Figure 6. wnk8 mutant expression and phenotypes

(A) Glucose signaling as reported by gene expression analysis in wnk mutants. Dose-dependent TBL26 expression in Col-0, rgs1-2 or wnk8-2/wnk10-1. 7-day old seedlings were starved for 2 days and then treated with various concentration of D-glucose for 3 h. TBL26 transcript levels were normalized with that of Col-0 without D-glucose stimulation. Data shows mean ± S.D. (n = 3) from a representative experiment. (B) Time course of TBL26 expression and the reset timing. Seedlings were starved for 2 days and either stimulated with 6% D-glucose for 5 h or not (by moving to ½ X MS media lacking sugars). TBL26 expressions at each time period were normalized with the expression without D-glucose stimulation. Data shows mean ± S.D. (n = 3) from a representative experiment. (C, D, E) Physiological sugar-related phenotype of wnk and rgs1 mutants. Vernalized seeds of wild type col-0 or the indicated mutants were grown on ½ X MS plates containing 0%, 3%, 4%, 5% and 6% D-glucose at 23° C under continuous light (50 µmol s⁻¹ m⁻²) for 10 days. The average number of seedlings having green cotyledons were determined and presented with SEM. The histogram in C provides the average plus SEM of 0% glucose (black) or 6% D-glucose (gray). Error bars = SEM. Pairwise Student’s t test was used to compare values to the Col-0. *, P < 0.05; **, P < 0.01. “35S::” represents a constitutive promoter from the Cauliflower Mosaic virus used here for ectopic overexpression of the indicated open reading frame. n (the number of independent experiments) = 2 for 0%, 4 for 6% or 3 for the other concentration of D-glucose.
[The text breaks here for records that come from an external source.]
(* Assume the network $\Sigma$ is well-posed, let $\mathcal{A}\subset X$ be nonempty and closed, and suppose $\Sigma$ is eISS with respect to $\mathcal{A}$ with constants $\rho\in[0,1)$, $C\ge1$ and gain $\gamma\in\mathcal{K}$, i.e. $|x(k,\xi,u)|_{\mathcal{A}}\le\max\{C\rho^k|\xi|_{\mathcal{A}},\gamma(\|u\|_\infty)\}$ for all $\xi\in X$, $u\in\mathcal{U}$, $k\in\mathbb{N}_0$. Then for any function $V:X\to[0,\infty)$ and constants $\underline w,\overline w,b>0$ satisfying $\underline w|\xi|_{\mathcal{A}}^b\le V(\xi)\le\overline w|\xi|_{\mathcal{A}}^b$ for all $\xi\in X$, and for every $\kappa\in(0,1)$, there exists $M\in\mathbb{N}$ such that $V(x(M,\xi,u))\le\max\{\kappa V(\xi),\overline w\,\gamma(\|u\|_\infty)^b\}$ for all $\xi\in X$ and all $u\in\mathcal{U}$. In particular, one can choose any $M\in\mathbb{N}$ satisfying $M\ge\frac1b\log_\rho\big(\frac{\kappa\underline w}{C^b\overline w}\big)$, and $V$ is an exponential $M$-step ISS Lyapunov function for $\Sigma$.
   Context: Setting: for each $i\in\mathbb{N}$ fix positive integers $n_i,p_i$, norms on $\mathbb{R}^{n_i},\mathbb{R}^{p_i}$, a finite $I_i\subset\mathbb{N}\setminus\{i\}$ with each $\{j: i\in I_j\}$ finite, and continuous $f_i:\mathbb{R}^{n_i}\times\prod_{j\in I_i}\mathbb{R}^{n_j}\times\mathbb{R}^{p_i}\to\mathbb{R}^{n_i}$. $X$ (resp. $U$) is the space of sequences $(x_i)$, $x_i\in\mathbb{R}^{n_i}$ (resp. $(u_i)$, $u_i\in\mathbb{R}^{p_i}$) with finite sup-norm $|\cdot|_\infty$; $f(x,u)_i=f_i(x_i,(x_j)_{j\in I_i},u_i)$; network $\Sigma$: $x(k+1)=f(x(k),u(k))$; well-posed means $f(X\times U)\subset X$. $\mathcal{U}$: sequences $u:\mathbb{N}_0\to U$ with $\|u\|_\infty=\sup_k|u(k)|_\infty<\infty$; $x(k,\xi,u)$ the solution with $x(0)=\xi$. $|x|_{\mathcal{A}}=\inf_{y\in\mathcal{A}}|x-y|_\infty$. An exponential (eISS) $M$-step ISS Lyapunov function is a function $V$ with $\underline w|\xi|_{\mathcal{A}}^b\le V(\xi)\le\overline w|\xi|_{\mathcal{A}}^b$ and $V(x(M,\xi,u))\le\max\{\kappa V(\xi),\tilde\gamma(\|u\|_\infty)\}$ for some $\kappa\in[0,1)$, $\tilde\gamma\in\mathcal{K}$, all $\xi\in X,u\in\mathcal{U}$. $\mathcal{K}$ denotes continuous strictly increasing functions $[0,\infty)\to[0,\infty)$ vanishing at $0$. *)

From HB Require Import structures.
From mathcomp Require Import all_boot all_order all_algebra.
From mathcomp Require Import all_classical all_reals all_analysis.
Unset Printing Implicit Defensive.
Import Order.TTheory GRing.Theory Num.Theory.
Import numFieldNormedType.Exports.
Local Open Scope classical_set_scope.
Local Open Scope ring_scope.

Section Network.
Variable R : realType.

Definition is_norm (d : nat) (N : 'rV[R]_d -> R) : Prop :=
  [/\ forall v, 0 <= N v,
      forall v, N v = 0 -> v = 0,
      forall a v, N (a *: v) = `|a| * N v
    & forall v w, N (v + w) <= N v + N w].

Definition classK (g : R -> R) : Prop :=
  [/\ g 0 = 0,
      {within [set x : R | 0 <= x], continuous g}
    & forall x y, 0 <= x -> x < y -> g x < g y].

Definition seqT (d : nat -> nat) := forall i : nat, 'rV[R]_(d i).

Definition supnorm {d : nat -> nat} (N : forall i, 'rV[R]_(d i) -> R)
  (x : seqT d) : R := sup [set N i (x i) | i in [set: nat]].

(* finiteness of the sup-norm: membership in X (resp. U) *)
Definition bounded_seq {d : nat -> nat} (N : forall i, 'rV[R]_(d i) -> R)
  (x : seqT d) : Prop := exists B, forall i, N i (x i) <= B.

Definition seq_diff {d : nat -> nat} (x y : seqT d) : seqT d :=
  fun i => x i - y i.

Variables (n p : nat -> nat).
Variables (nx : forall i, 'rV[R]_(n i) -> R) (nu : forall i, 'rV[R]_(p i) -> R).

Definition inX (x : seqT n) := bounded_seq nx x.
Definition inU (u : seqT p) := bounded_seq nu u.

Definition interconnection (I : nat -> seq nat) : Prop :=
  (forall i, i \notin I i) /\
  (forall i, exists N : nat, forall j, i \in I j -> (j < N)%N).

(* f_i is given as F i xi y ui, where only the coordinates y j, j \in I i, of
   y matter (locality), i.e. F i is a function on
   R^{n_i} x prod_{j in I_i} R^{n_j} x R^{p_i}; continuity on this finite
   product is written out in epsilon-delta form w.r.t. the given norms. *)
Definition local_continuous (I : nat -> seq nat)
  (F : forall i, 'rV[R]_(n i) -> seqT n -> 'rV[R]_(p i) -> 'rV[R]_(n i)) : Prop :=
  forall i,
  (forall xi y y' ui, (forall j, j \in I i -> y j = y' j) ->
     F i xi y ui = F i xi y' ui) /\
  (forall xi y ui eps, 0 < eps -> exists2 del, 0 < del &
     forall xi' y' ui', nx i (xi' - xi) < del ->
       (forall j, j \in I i -> nx j (y' j - y j) < del) ->
       nu i (ui' - ui) < del ->
       nx i (F i xi' y' ui' - F i xi y ui) < eps).

Variable F : forall i, 'rV[R]_(n i) -> seqT n -> 'rV[R]_(p i) -> 'rV[R]_(n i).

Definition fnet (x : seqT n) (u : seqT p) : seqT n := fun i => F i (x i) x (u i).

Definition well_posed : Prop :=
  forall x u, inX x -> inU u -> inX (fnet x u).

Definition inUU (u : nat -> seqT p) : Prop :=
  (forall k, inU (u k)) /\ exists B, forall k, supnorm nu (u k) <= B.

Definition normUU (u : nat -> seqT p) : R :=
  sup [set supnorm nu (u k) | k in [set: nat]].

Fixpoint traj (xi : seqT n) (u : nat -> seqT p) (k : nat) : seqT n :=
  match k with
  | O => xi
  | k'.+1 => fnet (traj xi u k') (u k')
  end.

Definition distA (A : set (seqT n)) (x : seqT n) : R :=
  inf [set supnorm nx (seq_diff x y) | y in A].

Definition closed_in_X (A : set (seqT n)) : Prop :=
  (forall x, A x -> inX x) /\
  (forall x, inX x ->
     (forall e, 0 < e -> exists2 y, A y & supnorm nx (seq_diff x y) < e) -> A x).

Definition eISS (A : set (seqT n)) (C rho : R) (gamma : R -> R) : Prop :=
  [/\ 0 <= rho < 1, 1 <= C, classK gamma &
      forall xi u k, inX xi -> inUU u ->
        distA A (traj xi u k) <= Num.max (C * rho ^+ k * distA A xi) (gamma (normUU u))].

Definition eISS_Lyapunov (A : set (seqT n)) (M : nat) (V : seqT n -> R) : Prop :=
  exists wl wu b : R, [/\ 0 < wl, 0 < wu, 0 < b,
    (forall xi, inX xi ->
       wl * (distA A xi) `^ b <= V xi /\ V xi <= wu * (distA A xi) `^ b) &
    exists kappa (gt : R -> R), [/\ 0 <= kappa < 1, classK gt &
      forall xi u, inX xi -> inUU u ->
        V (traj xi u M) <= Num.max (kappa * V xi) (gt (normUU u))]].

End Network.

Arguments is_norm {R d}.
Arguments classK {R}.
Arguments local_continuous {R n p}.
Arguments well_posed {R n p}.
Arguments closed_in_X {R n}.
Arguments eISS {R n p}.
Arguments inX {R n}.
Arguments inU {R p}.
Arguments distA {R n}.
Arguments inUU {R p}.
Arguments traj {R n p}.
Arguments fnet {R n p}.
Arguments normUU {R p}.
Arguments eISS_Lyapunov {R n p}.

From HB Require Import structures.
From mathcomp Require Import all_boot all_order all_algebra.
From mathcomp Require Import all_classical all_reals all_analysis.
Import Order.TTheory GRing.Theory Num.Theory.
Import numFieldNormedType.Exports.
Local Open Scope classical_set_scope.
Local Open Scope ring_scope.

(* Along a trajectory, eISS gives |x(M)|_A <= max (C rho^M |xi|_A, gamma |u|).
   Raising this to the power b and using the sandwich bounds on V yields
   V (x(M)) <= max (wu (C rho^M)^b |xi|_A^b, wu gamma^b), and
   wu (C rho^M)^b |xi|_A^b <= kappa wl |xi|_A^b <= kappa V(xi) as soon as
   (rho^M)^b <= kappa wl / (C^b wu); taking logarithms (ln rho < 0 flips the
   inequality) this is the lower bound on M.  The new gain wu gamma^b is again
   of class K, so V is an M-step eISS Lyapunov function. *)

(* [powR] sends negative numbers to 1, so it is discontinuous at 0; clamping
   the argument at 0 gives a continuous function agreeing with it on [0, +oo). *)
Lemma continuous_powR_maxr0 (R : realType) (b : R) : 0 < b ->
  continuous (fun y : R => (Num.max y 0) `^ b).
Proof.
move=> b_gt0 t; have [t_lt0|t_gt0|->] := ltgtP t 0.
- apply: (@near_cst_continuous _ _ 0); near=> y.
  by rewrite (max_idPr (ltW _)) ?powR0 ?gt_eqF //; near: y; exact: lt_nbhsl.
- have powRb_cts : {for t, continuous (@powR R ^~ b)}.
    apply/differentiable_continuous/derivable1_diffP.
    by apply: derivable_powR; rewrite in_itv /= andbT.
  apply: (@cvg_trans _ ((@powR R ^~ b) @ t)).
    apply: near_eq_cvg; near=> y.
    by rewrite /= (max_idPl (ltW _)) //; near: y; exact: lt_nbhsr.
  by rewrite /= (max_idPl (ltW t_gt0)); exact: powRb_cts.
- apply/left_right_continuousP; split.
    rewrite /= maxxx powR0 ?gt_eqF //; apply: cvg_near_cst; near=> y.
    by rewrite (max_idPr (ltW _)) ?powR0 ?gt_eqF //; near: y; exact: nbhs_left_lt.
  rewrite /= maxxx powR0 ?gt_eqF //; apply: cvg_trans (powR_cvg0 b_gt0).
  apply: near_eq_cvg; near=> y.
  by rewrite /= (max_idPl (ltW _)) //; near: y; exact: nbhs_right_gt.
Unshelve. all: end_near.
Qed.

Lemma classK_ge0 {R : realType} {g : R -> R} {x : R} :
  classK g -> 0 <= x -> 0 <= g x.
Proof.
case=> g0 _ g_incr; rewrite le_eqVlt => /predU1P[<-|x_gt0]; first by rewrite g0.
by rewrite -g0 ltW // g_incr.
Qed.

Lemma classK_scale_powR (R : realType) (g : R -> R) (w b : R) :
  classK g -> 0 < w -> 0 < b -> classK (fun s => w * g s `^ b).
Proof.
move=> gK w_gt0 b_gt0; have [g0 g_cts g_incr] := gK.
split.
- by rewrite g0 powR0 ?gt_eqF // mulr0.
- apply: (@subspace_eq_continuous _ _ _
    ((fun y => w * (Num.max y 0) `^ b) \o from_subspace [set x : R | 0 <= x] g)).
    by move=> x; rewrite inE => x_ge0 /=; rewrite (max_idPl (classK_ge0 gK x_ge0)).
  move=> x; apply: continuous_comp; first exact: g_cts.
  exact/continuousM/continuous_powR_maxr0/b_gt0/cst_continuous.
- move=> x y x_ge0 xy; rewrite ltr_pM2l // gt0_ltr_powR // ?nnegrE ?g_incr //.
    exact: classK_ge0.
  by apply: classK_ge0 => //; apply: le_trans (ltW xy).
Qed.

Lemma exprn_powR_le {R : realType} {rho q b : R} {M : nat} :
  0 <= rho < 1 -> 0 < q -> 0 < b -> (0 < M)%N ->
  b^-1 * (ln q / ln rho) <= M%:R -> (rho ^+ M) `^ b <= q.
Proof.
move=> /andP[rho_ge0 rho_lt1] q_gt0 b_gt0 M_gt0 hM.
(* For [rho = 0] the bound on [M] is vacuous, since [ln 0 = 0]. *)
have [->|rho_neq0] := eqVneq rho 0.
  by rewrite expr0n eqn0Ngt M_gt0 powR0 ?gt_eqF // ltW.
have rho_gt0 : 0 < rho by rewrite lt_neqAle eq_sym rho_neq0.
have ln_rho_lt0 : ln rho < 0 by rewrite ln_lt0 // rho_gt0.
have rhoMb_gt0 : 0 < (rho ^+ M) `^ b by rewrite powR_gt0 // exprn_gt0.
rewrite -ler_ln ?posrE // ln_powR lnXn // mulrnAr -mulr_natl mulrA.
rewrite -ler_ndivrMr //.
by rewrite mulrC ler_pdivrMr in hM.
Qed.

Lemma sandwich_powR_le_max {R : realType} {wl wu b c kappa d0 dM v0 vM g : R} :
  0 <= b -> 0 < wu -> 0 <= c -> 0 <= kappa -> 0 <= d0 -> 0 <= dM ->
  wu * c `^ b <= kappa * wl ->
  wl * d0 `^ b <= v0 -> vM <= wu * dM `^ b -> dM <= Num.max (c * d0) g ->
  vM <= Num.max (kappa * v0) (wu * g `^ b).
Proof.
move=> b_ge0 wu_gt0 c_ge0 kappa_ge0 d0_ge0 dM_ge0 hc hv0 hvM.
have powRb_le x y : 0 <= x -> x <= y -> wu * x `^ b <= wu * y `^ b.
  move=> x_ge0 xy; rewrite ler_pM2l // ge0_ler_powR // nnegrE.
  exact: le_trans xy.
rewrite !le_max => /orP[dM_le|dM_le]; apply/orP; [left|right].
- apply: (le_trans hvM); apply: (le_trans (powRb_le _ _ dM_ge0 dM_le)).
  rewrite powRM // mulrA; apply: le_trans (ler_wpM2r (powR_ge0 _ _) hc) _.
  by rewrite -mulrA ler_wpM2l.
- exact: le_trans hvM (powRb_le _ _ dM_ge0 dM_le).
Qed.

Lemma sup_ge0 (R : realType) (S : set R) : (forall s, S s -> 0 <= s) -> 0 <= sup S.
Proof.
move=> S_ge0; have [[[s Ss] S_ub]|S_nosup] := pselect (has_sup S).
  by apply: le_trans (S_ge0 _ Ss) _; exact: ub_le_sup.
by rewrite sup_out.
Qed.

Section NetworkLyapunov.
Context {R : realType} {n p : nat -> nat}.
Context {nx : forall i, 'rV[R]_(n i) -> R} {nu : forall i, 'rV[R]_(p i) -> R}.
Context {F : forall i, 'rV[R]_(n i) -> seqT R n -> 'rV[R]_(p i) -> 'rV[R]_(n i)}.
Context {A : set (seqT R n)} {C rho : R} {gamma : R -> R}.
Context {V : seqT R n -> R} {wl wu b kappa : R}.

Hypothesis nx_ge0 : forall i v, 0 <= nx i v.
Hypothesis A_neq0 : A !=set0.
Hypothesis wpF : well_posed nx nu F.
Hypothesis issA : eISS nx nu F A C rho gamma.
Hypotheses (wl_gt0 : 0 < wl) (wu_gt0 : 0 < wu).
Hypotheses (b_gt0 : 0 < b) (kappa_gt0 : 0 < kappa).
Hypothesis V_sandwich : forall xi, inX nx xi ->
  wl * (distA nx A xi) `^ b <= V xi /\ V xi <= wu * (distA nx A xi) `^ b.

Lemma distA_ge0 x : 0 <= distA nx A x.
Proof.
apply: lb_le_inf; first by case: A_neq0 => y Ay; eexists; exists y.
by move=> _ [y _ <-]; apply: sup_ge0 => _ [i _ <-].
Qed.

Lemma traj_inX xi u k : inX nx xi -> inUU nu u -> inX nx (traj F xi u k).
Proof. by move=> xiX [uU _]; elim: k => //= k IHk; exact: wpF. Qed.

Lemma eISS_contraction_le M : (0 < M)%N ->
  b^-1 * (ln (kappa * wl / (C `^ b * wu)) / ln rho) <= M%:R ->
  wu * (C * rho ^+ M) `^ b <= kappa * wl.
Proof.
case: issA => rho_bnd C_ge1 _ _ M_gt0 hM.
have C_gt0 : 0 < C by exact: lt_le_trans C_ge1.
have CbW_gt0 : 0 < C `^ b * wu by rewrite mulr_gt0 // powR_gt0.
have q_gt0 := divr_gt0 (mulr_gt0 kappa_gt0 wl_gt0) CbW_gt0.
have := exprn_powR_le rho_bnd q_gt0 b_gt0 M_gt0 hM.
rewrite ler_pdivlMr // powRM ?(ltW C_gt0) ?exprn_ge0 //; last by case/andP: rho_bnd.
suff -> : wu * (C `^ b * (rho ^+ M) `^ b) = (rho ^+ M) `^ b * (C `^ b * wu) by [].
by rewrite mulrC [C `^ b * _]mulrC mulrA.
Qed.

Lemma eISS_Lyapunov_decrease M : (0 < M)%N ->
  b^-1 * (ln (kappa * wl / (C `^ b * wu)) / ln rho) <= M%:R ->
  forall xi u, inX nx xi -> inUU nu u ->
    V (traj F xi u M) <= Num.max (kappa * V xi) (wu * (gamma (normUU nu u)) `^ b).
Proof.
move=> M_gt0 hM xi u xiX uU; have [/andP[rho_ge0 _] C_ge1 _ traj_bnd] := issA.
apply: (sandwich_powR_le_max _ _ _ _ _ _ (eISS_contraction_le _ M_gt0 hM)
  (V_sandwich _ xiX).1 (V_sandwich _ (traj_inX xi u M xiX uU)).2
  (traj_bnd _ _ M xiX uU)).
all: rewrite ?distA_ge0 ?(ltW b_gt0) ?(ltW kappa_gt0) //.
by rewrite mulr_ge0 ?exprn_ge0 // (le_trans ler01 C_ge1).
Qed.

End NetworkLyapunov.

Theorem proposition3 (R : realType) (n p : nat -> nat)
  (nx : forall i, 'rV[R]_(n i) -> R) (nu : forall i, 'rV[R]_(p i) -> R)
  (I : nat -> seq nat)
  (F : forall i, 'rV[R]_(n i) -> seqT R n -> 'rV[R]_(p i) -> 'rV[R]_(n i))
  (A : set (seqT R n)) (C rho : R) (gamma : R -> R)
  (V : seqT R n -> R) (wl wu b kappa : R) :
  (forall i, (0 < n i)%N) -> (forall i, (0 < p i)%N) ->
  (forall i, is_norm (nx i)) -> (forall i, is_norm (nu i)) ->
  interconnection I -> local_continuous nx nu I F ->
  well_posed nx nu F ->
  A !=set0 -> closed_in_X nx A ->
  eISS nx nu F A C rho gamma ->
  (forall xi, inX nx xi -> 0 <= V xi) ->
  0 < wl -> 0 < wu -> 0 < b ->
  (forall xi, inX nx xi ->
     wl * (distA nx A xi) `^ b <= V xi /\ V xi <= wu * (distA nx A xi) `^ b) ->
  0 < kappa < 1 ->
  (exists M : nat, (0 < M)%N /\
     forall xi u, inX nx xi -> inUU nu u ->
       V (traj F xi u M) <= Num.max (kappa * V xi) (wu * (gamma (normUU nu u)) `^ b))
  /\
  (forall M : nat, (0 < M)%N ->
     b^-1 * (ln (kappa * wl / (C `^ b * wu)) / ln rho) <= M%:R ->
     (forall xi u, inX nx xi -> inUU nu u ->
        V (traj F xi u M) <= Num.max (kappa * V xi) (wu * (gamma (normUU nu u)) `^ b))
     /\ eISS_Lyapunov nx nu F A M V).
Proof.
move=> _ _ nx_norm _ _ _ wpF A_neq0 _ issA _ wl_gt0 wu_gt0 b_gt0 V_sandwich
  /andP[kappa_gt0 kappa_lt1].
have nx_ge0 i v : 0 <= nx i v by case: (nx_norm i).
have decrease := eISS_Lyapunov_decrease nx_ge0 A_neq0 wpF issA
  wl_gt0 wu_gt0 b_gt0 kappa_gt0 V_sandwich.
split.
  set M0 := b^-1 * (ln (kappa * wl / (C `^ b * wu)) / ln rho).
  exists (Num.truncn M0).+1; split => //.
  by apply: decrease => //; exact/ltW/truncnS_gt.
move=> M M_gt0 hM; split; first exact: decrease.
have [_ _ gammaK _] := issA.
exists wl, wu, b; split => //.
exists kappa, (fun s => wu * gamma s `^ b); split.
- by rewrite ltW ?kappa_gt0.
- exact: classK_scale_powR.
- exact: decrease.
Qed.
Figure 7. Model of sustained G protein activation in Arabidopsis; comparison of activation mechanisms between fast and slow nucleotide exchanging G proteins

(A, D) Rate of guanine nucleotide exchange of human G protein is slower than that of GTP hydrolysis. However, Arabidopsis AtGPA1 rapidly releases GDP, while GTP hydrolysis is slow. (B, E) Based on these intrinsic properties, human G proteins require GPCRs to form the active GTP-bound state. In contrast, AtGPA1 requires a constitutively active 7TM-RGS protein, AtRGS1, to keep the inactive GDP-bound state. Genetic evidence suggests that D-glucose inhibits AtRGS1 to activate the Arabidopsis G protein pathway. (C, F) Many human GPCRs are endocytosed after phosphorylation and subsequent endocytosis causes desensitization of G protein signaling. In Arabidopsis, in the absence of glucose, Gα subunit binding is in equilibrium between the RGS and Gβ dimerization interfaces, both shared on the Gα subunit. Glucose shifts the equilibrium toward the Gα-RGS dimer increasing the time the Gβγ remains free from the heterotrimer. The free Gβγ dimer recruits AtWNK8 to phosphorylate AtRGS1 at its C terminus. Phosphorylation is requisite for AtRGS1 endocytosis. Endocytosis causes uncoupling of AtGPA1 from its inhibitor, AtRGS1 and subsequent sustained activation of G protein signaling.